What is needed
From the entries below, return exactly the lines beginning at the one that contains "Section AlternatingBinomialSums." and ending at the one that contains "have le_ik : (i <= k)%N by rewrite -ltnS.", both of them included, and only those lines.

Records from a dataset
═══
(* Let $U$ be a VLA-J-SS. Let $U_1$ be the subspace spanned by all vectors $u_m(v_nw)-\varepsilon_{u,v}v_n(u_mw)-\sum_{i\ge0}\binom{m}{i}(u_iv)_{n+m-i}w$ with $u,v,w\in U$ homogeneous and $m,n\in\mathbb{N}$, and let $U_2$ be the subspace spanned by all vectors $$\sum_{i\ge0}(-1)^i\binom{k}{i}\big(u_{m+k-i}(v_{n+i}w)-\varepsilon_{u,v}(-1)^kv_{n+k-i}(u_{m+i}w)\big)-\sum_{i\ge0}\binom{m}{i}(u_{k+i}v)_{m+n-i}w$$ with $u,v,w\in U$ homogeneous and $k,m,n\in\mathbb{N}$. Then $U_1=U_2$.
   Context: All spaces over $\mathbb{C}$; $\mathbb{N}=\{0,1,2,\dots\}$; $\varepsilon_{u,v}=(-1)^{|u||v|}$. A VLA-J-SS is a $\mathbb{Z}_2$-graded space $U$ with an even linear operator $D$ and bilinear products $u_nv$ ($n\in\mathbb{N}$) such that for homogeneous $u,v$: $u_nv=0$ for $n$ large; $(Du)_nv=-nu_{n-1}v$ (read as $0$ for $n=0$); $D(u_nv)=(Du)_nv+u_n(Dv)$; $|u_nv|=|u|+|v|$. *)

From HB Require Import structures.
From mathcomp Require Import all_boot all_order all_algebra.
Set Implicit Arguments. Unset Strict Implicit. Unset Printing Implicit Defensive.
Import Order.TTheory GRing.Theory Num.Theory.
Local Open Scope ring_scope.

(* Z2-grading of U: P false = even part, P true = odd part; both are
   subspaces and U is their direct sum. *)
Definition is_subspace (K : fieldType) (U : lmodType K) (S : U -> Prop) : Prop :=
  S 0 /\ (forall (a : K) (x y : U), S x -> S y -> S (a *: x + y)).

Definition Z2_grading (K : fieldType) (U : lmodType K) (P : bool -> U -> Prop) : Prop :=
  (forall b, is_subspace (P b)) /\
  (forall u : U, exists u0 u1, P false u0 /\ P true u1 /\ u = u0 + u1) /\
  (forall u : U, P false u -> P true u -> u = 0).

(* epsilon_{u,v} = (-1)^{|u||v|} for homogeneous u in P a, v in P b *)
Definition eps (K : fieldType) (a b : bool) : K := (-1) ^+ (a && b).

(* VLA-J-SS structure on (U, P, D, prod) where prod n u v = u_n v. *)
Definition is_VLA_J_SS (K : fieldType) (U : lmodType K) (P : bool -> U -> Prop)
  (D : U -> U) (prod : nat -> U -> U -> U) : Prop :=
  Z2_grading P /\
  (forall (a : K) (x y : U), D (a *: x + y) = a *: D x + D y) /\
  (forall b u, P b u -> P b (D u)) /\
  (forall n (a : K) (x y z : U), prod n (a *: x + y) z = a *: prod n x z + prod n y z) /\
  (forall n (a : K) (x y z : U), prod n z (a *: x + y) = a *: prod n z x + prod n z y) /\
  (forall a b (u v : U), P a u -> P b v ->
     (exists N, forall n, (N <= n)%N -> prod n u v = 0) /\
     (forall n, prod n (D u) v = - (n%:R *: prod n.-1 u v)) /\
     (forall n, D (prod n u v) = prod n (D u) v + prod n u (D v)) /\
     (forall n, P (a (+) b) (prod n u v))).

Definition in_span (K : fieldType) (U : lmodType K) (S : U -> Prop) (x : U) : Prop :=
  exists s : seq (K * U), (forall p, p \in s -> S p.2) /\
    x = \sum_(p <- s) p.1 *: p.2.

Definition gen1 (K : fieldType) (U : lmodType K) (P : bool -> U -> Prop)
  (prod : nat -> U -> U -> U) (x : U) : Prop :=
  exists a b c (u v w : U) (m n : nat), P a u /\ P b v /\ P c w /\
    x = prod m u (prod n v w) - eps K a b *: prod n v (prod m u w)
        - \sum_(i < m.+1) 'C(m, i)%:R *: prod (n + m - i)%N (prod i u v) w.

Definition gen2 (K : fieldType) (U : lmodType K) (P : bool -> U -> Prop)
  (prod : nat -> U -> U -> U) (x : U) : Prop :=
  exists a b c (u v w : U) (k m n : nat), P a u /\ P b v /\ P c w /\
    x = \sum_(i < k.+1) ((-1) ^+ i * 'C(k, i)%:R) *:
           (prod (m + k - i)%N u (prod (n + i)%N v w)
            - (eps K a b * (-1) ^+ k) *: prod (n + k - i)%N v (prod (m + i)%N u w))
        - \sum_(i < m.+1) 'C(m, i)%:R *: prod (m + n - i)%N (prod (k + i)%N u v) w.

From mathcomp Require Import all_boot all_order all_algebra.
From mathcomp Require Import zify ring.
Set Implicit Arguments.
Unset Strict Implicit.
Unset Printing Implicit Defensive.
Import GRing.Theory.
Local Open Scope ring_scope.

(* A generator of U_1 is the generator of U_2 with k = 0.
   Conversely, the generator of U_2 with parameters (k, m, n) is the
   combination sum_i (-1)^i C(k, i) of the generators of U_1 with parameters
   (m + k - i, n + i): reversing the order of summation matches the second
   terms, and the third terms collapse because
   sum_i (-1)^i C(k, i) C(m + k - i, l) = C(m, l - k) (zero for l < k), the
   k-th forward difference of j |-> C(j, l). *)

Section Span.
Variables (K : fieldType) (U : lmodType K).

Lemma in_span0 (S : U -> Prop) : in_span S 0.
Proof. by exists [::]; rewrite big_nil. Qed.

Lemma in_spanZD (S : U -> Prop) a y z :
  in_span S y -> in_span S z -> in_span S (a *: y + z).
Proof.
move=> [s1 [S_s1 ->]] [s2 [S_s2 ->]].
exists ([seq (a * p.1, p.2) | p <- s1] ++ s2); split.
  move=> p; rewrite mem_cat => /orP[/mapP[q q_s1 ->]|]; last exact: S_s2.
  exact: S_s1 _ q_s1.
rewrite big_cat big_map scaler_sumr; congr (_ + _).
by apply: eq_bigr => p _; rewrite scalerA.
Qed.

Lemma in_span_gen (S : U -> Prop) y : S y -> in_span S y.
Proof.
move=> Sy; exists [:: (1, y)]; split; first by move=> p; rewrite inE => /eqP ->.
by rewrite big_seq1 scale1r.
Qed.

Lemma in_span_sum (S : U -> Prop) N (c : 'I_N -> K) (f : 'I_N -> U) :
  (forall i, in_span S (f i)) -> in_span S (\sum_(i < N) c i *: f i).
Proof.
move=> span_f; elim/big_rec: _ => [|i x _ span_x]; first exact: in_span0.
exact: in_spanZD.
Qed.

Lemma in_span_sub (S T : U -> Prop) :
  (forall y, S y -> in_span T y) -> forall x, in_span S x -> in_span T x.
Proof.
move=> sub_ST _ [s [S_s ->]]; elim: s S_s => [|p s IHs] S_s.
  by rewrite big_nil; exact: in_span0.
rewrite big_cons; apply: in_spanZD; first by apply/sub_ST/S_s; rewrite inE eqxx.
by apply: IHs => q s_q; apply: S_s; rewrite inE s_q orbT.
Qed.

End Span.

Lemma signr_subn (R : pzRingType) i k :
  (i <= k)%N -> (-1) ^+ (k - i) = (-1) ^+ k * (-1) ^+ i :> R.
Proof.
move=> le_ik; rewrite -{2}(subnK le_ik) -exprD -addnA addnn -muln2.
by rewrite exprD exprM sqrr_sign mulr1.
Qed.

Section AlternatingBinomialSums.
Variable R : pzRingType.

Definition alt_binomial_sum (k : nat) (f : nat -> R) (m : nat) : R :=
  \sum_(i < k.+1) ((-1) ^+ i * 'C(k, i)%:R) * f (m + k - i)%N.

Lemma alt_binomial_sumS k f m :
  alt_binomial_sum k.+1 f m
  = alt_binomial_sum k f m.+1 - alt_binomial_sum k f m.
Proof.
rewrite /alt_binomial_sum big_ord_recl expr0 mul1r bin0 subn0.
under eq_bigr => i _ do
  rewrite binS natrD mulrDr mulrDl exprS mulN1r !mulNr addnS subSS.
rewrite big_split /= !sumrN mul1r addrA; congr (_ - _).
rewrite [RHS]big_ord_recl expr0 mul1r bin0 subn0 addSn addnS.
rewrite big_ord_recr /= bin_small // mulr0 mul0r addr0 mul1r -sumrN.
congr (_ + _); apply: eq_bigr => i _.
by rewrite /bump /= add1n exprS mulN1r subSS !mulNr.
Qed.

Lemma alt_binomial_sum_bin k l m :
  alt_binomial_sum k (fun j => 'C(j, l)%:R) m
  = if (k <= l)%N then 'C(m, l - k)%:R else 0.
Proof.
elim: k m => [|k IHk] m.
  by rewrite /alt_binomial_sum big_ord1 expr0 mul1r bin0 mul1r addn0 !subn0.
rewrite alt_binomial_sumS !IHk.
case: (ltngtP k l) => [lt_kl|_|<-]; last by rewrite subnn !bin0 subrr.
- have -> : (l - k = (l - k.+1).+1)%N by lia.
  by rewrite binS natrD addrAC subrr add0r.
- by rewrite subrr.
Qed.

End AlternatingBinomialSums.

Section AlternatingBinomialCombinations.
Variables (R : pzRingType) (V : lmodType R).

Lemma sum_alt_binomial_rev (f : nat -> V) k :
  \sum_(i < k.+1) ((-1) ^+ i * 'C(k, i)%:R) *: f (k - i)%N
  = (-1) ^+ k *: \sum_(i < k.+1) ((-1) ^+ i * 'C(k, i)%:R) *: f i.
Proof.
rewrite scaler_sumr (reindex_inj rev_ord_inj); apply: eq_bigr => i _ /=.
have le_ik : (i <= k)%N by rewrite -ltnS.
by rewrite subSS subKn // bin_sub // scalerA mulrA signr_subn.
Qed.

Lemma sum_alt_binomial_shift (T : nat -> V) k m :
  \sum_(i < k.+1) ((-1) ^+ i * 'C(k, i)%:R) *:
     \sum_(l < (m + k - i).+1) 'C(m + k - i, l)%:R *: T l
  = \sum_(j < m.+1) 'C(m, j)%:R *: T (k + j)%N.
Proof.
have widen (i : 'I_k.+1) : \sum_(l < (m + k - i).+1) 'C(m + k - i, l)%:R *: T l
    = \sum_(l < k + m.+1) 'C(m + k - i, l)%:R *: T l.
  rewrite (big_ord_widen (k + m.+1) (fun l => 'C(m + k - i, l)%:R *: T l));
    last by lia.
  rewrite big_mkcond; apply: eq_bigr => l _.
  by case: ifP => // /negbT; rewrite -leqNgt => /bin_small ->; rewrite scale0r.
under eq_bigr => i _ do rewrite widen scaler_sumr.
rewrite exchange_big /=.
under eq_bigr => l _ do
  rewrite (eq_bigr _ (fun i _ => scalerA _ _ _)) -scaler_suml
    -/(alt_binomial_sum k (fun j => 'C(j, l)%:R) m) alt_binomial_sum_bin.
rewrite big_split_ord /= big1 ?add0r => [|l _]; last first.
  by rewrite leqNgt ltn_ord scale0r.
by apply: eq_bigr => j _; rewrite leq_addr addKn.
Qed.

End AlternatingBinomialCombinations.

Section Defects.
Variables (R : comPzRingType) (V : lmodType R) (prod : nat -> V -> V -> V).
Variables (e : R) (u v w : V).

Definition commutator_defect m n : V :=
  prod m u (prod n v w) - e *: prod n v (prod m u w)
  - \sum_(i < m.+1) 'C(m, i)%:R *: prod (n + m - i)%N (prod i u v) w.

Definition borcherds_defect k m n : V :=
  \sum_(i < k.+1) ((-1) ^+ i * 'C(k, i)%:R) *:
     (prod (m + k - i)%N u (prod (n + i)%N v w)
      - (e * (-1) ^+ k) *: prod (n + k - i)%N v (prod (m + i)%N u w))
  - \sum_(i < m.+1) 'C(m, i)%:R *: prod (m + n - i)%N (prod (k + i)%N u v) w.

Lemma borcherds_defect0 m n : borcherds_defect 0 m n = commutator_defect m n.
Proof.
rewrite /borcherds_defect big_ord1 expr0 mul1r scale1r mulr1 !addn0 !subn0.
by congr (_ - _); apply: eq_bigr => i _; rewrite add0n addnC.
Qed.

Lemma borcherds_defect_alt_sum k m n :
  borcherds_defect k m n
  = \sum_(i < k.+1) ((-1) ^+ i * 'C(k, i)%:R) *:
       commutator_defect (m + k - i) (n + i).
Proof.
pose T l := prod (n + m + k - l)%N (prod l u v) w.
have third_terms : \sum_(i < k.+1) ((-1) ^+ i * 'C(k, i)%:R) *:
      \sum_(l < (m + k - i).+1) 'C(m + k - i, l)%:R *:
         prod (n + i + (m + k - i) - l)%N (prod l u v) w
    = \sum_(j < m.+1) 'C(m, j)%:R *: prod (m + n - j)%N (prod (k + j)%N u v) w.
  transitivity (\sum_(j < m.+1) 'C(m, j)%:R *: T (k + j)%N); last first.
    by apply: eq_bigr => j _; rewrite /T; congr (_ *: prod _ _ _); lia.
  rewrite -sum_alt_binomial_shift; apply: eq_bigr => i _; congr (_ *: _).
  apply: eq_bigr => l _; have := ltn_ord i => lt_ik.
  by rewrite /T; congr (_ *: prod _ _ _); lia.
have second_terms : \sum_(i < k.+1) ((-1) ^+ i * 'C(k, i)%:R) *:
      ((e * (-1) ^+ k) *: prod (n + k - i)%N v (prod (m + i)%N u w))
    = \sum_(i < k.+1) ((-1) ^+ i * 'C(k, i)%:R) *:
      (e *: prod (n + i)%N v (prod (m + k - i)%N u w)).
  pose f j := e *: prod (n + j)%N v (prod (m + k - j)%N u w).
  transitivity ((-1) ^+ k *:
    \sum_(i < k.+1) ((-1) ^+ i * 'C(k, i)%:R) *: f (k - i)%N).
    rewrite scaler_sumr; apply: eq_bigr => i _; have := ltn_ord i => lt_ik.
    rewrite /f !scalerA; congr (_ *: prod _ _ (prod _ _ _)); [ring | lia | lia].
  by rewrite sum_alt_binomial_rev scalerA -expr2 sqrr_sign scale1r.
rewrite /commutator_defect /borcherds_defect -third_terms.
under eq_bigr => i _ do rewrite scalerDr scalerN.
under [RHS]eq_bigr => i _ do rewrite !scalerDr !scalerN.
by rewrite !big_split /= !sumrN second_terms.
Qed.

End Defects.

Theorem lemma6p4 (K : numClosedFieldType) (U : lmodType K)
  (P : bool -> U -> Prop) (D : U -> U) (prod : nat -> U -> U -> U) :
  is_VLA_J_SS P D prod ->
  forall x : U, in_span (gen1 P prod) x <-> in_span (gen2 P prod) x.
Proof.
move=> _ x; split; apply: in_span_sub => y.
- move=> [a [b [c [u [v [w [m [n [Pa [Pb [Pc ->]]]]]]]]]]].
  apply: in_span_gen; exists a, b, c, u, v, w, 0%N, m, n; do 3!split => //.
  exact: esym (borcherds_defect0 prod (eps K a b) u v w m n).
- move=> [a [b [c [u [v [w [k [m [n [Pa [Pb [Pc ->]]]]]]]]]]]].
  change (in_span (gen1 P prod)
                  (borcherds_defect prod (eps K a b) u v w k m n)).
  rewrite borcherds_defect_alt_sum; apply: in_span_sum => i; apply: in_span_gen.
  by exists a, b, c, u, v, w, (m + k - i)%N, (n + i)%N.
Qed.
═══
Solved exercise
Section AlternatingBinomialSums.
Variable R : pzRingType.

Definition alt_binomial_sum (k : nat) (f : nat -> R) (m : nat) : R :=
  \sum_(i < k.+1) ((-1) ^+ i * 'C(k, i)%:R) * f (m + k - i)%N.

Lemma alt_binomial_sumS k f m :
  alt_binomial_sum k.+1 f m
  = alt_binomial_sum k f m.+1 - alt_binomial_sum k f m.
Proof.
rewrite /alt_binomial_sum big_ord_recl expr0 mul1r bin0 subn0.
under eq_bigr => i _ do
  rewrite binS natrD mulrDr mulrDl exprS mulN1r !mulNr addnS subSS.
rewrite big_split /= !sumrN mul1r addrA; congr (_ - _).
rewrite [RHS]big_ord_recl expr0 mul1r bin0 subn0 addSn addnS.
rewrite big_ord_recr /= bin_small // mulr0 mul0r addr0 mul1r -sumrN.
congr (_ + _); apply: eq_bigr => i _.
by rewrite /bump /= add1n exprS mulN1r subSS !mulNr.
Qed.

Lemma alt_binomial_sum_bin k l m :
  alt_binomial_sum k (fun j => 'C(j, l)%:R) m
  = if (k <= l)%N then 'C(m, l - k)%:R else 0.
Proof.
elim: k m => [|k IHk] m.
  by rewrite /alt_binomial_sum big_ord1 expr0 mul1r bin0 mul1r addn0 !subn0.
rewrite alt_binomial_sumS !IHk.
case: (ltngtP k l) => [lt_kl|_|<-]; last by rewrite subnn !bin0 subrr.
- have -> : (l - k = (l - k.+1).+1)%N by lia.
  by rewrite binS natrD addrAC subrr add0r.
- by rewrite subrr.
Qed.

End AlternatingBinomialSums.

Section AlternatingBinomialCombinations.
Variables (R : pzRingType) (V : lmodType R).

Lemma sum_alt_binomial_rev (f : nat -> V) k :
  \sum_(i < k.+1) ((-1) ^+ i * 'C(k, i)%:R) *: f (k - i)%N
  = (-1) ^+ k *: \sum_(i < k.+1) ((-1) ^+ i * 'C(k, i)%:R) *: f i.
Proof.
rewrite scaler_sumr (reindex_inj rev_ord_inj); apply: eq_bigr => i _ /=.
have le_ik : (i <= k)%N by rewrite -ltnS.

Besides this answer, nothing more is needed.